__RECORDS FOR THIS EXERCISE__:
(* At a critical point of [h] only the derivative falling on [dh] survives. *)
Lemma pd_u_fun_critical n m r h P K mu nu : (mu < n)%nat ->
  (forall i, (i < n)%nat -> 0 < r i) -> Cinf n r h -> (forall k tau, Cinf n r (P k tau)) ->
  (forall tau nu, Cinf n r (K tau nu)) -> (forall i, (i < n)%nat -> pd h i zero_pt = 0) ->
  pd (u_fun n m h P K nu) mu zero_pt = sum_to n (fun k => sum_to (n - m) (fun tau =>
    pd (pd h k) mu zero_pt * P k tau zero_pt * K tau nu zero_pt)).
Proof.
  intros Hmu Hr Hh HP HK Hcrit. apply pd_unique.
  pose proof (box_zero n r Hr) as Z.
  replace (sum_to n (fun k => sum_to (n - m) (fun tau =>
      pd (pd h k) mu zero_pt * P k tau zero_pt * K tau nu zero_pt))) with
    (sum_to n (fun k => sum_to (n - m) (fun tau =>
      (pd (pd h k) mu zero_pt * P k tau zero_pt + pd h k zero_pt * pd (P k tau) mu zero_pt)
        * K tau nu zero_pt + pd h k zero_pt * P k tau zero_pt * pd (K tau nu) mu zero_pt))).
  - apply has_partial_sum. intros k Hk. apply has_partial_sum. intros tau Htau.
    apply has_partial_mult; [apply has_partial_mult|]; apply (Cinf_partials n r); auto.
    apply Cinf_pd; auto.
  - apply sum_to_ext. intros k Hk. apply sum_to_ext. intros tau Htau. rewrite Hcrit by auto. ring.
Qed.

Lemma solution_integrable n m r u hh : is_solution n m r u hh -> integrable_cond n m r u.
Proof.
  intros [Hs1 Hs2] x Hx mu nu Hmu Hnu. apply smooth_on_Cinf in Hs1.
  rewrite (pd_local n r (u nu) (pd hh nu) mu x), (pd_local n r (u mu) (pd hh mu) nu x);
    auto; try lia; try (intros; symmetry; apply Hs2; auto).
  apply (pd_comm n r); auto; lia.
Qed.

Lemma least_eigenvalue_pos k A lam : posdef k A -> least_eigenvalue k A lam -> 0 < lam.
Proof.
  intros [_ HA] [[x [Hx Hex]] _].
  pose proof (HA x Hx) as Q. fold (quad k A x) in Q.
  rewrite (quad_eigenvector k A x lam Hex) in Q.
  pose proof (sqnorm_pos k x Hx). nra.
Qed.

__ASSIGNMENT__: The data above should be copied out with complete accuracy.

__TASK OUTPUT__:
(* At a critical point of [h] only the derivative falling on [dh] survives. *)
Lemma pd_u_fun_critical n m r h P K mu nu : (mu < n)%nat ->
  (forall i, (i < n)%nat -> 0 < r i) -> Cinf n r h -> (forall k tau, Cinf n r (P k tau)) ->
  (forall tau nu, Cinf n r (K tau nu)) -> (forall i, (i < n)%nat -> pd h i zero_pt = 0) ->
  pd (u_fun n m h P K nu) mu zero_pt = sum_to n (fun k => sum_to (n - m) (fun tau =>
    pd (pd h k) mu zero_pt * P k tau zero_pt * K tau nu zero_pt)).
Proof.
  intros Hmu Hr Hh HP HK Hcrit. apply pd_unique.
  pose proof (box_zero n r Hr) as Z.
  replace (sum_to n (fun k => sum_to (n - m) (fun tau =>
      pd (pd h k) mu zero_pt * P k tau zero_pt * K tau nu zero_pt))) with
    (sum_to n (fun k => sum_to (n - m) (fun tau =>
      (pd (pd h k) mu zero_pt * P k tau zero_pt + pd h k zero_pt * pd (P k tau) mu zero_pt)
        * K tau nu zero_pt + pd h k zero_pt * P k tau zero_pt * pd (K tau nu) mu zero_pt))).
  - apply has_partial_sum. intros k Hk. apply has_partial_sum. intros tau Htau.
    apply has_partial_mult; [apply has_partial_mult|]; apply (Cinf_partials n r); auto.
    apply Cinf_pd; auto.
  - apply sum_to_ext. intros k Hk. apply sum_to_ext. intros tau Htau. rewrite Hcrit by auto. ring.
Qed.

Lemma solution_integrable n m r u hh : is_solution n m r u hh -> integrable_cond n m r u.
Proof.
  intros [Hs1 Hs2] x Hx mu nu Hmu Hnu. apply smooth_on_Cinf in Hs1.
  rewrite (pd_local n r (u nu) (pd hh nu) mu x), (pd_local n r (u mu) (pd hh mu) nu x);
    auto; try lia; try (intros; symmetry; apply Hs2; auto).
  apply (pd_comm n r); auto; lia.
Qed.

Lemma least_eigenvalue_pos k A lam : posdef k A -> least_eigenvalue k A lam -> 0 < lam.
Proof.
  intros [_ HA] [[x [Hx Hex]] _].
  pose proof (HA x Hx) as Q. fold (quad k A x) in Q.
  rewrite (quad_eigenvector k A x lam Hex) in Q.
  pose proof (sqnorm_pos k x Hx). nra.
Qed.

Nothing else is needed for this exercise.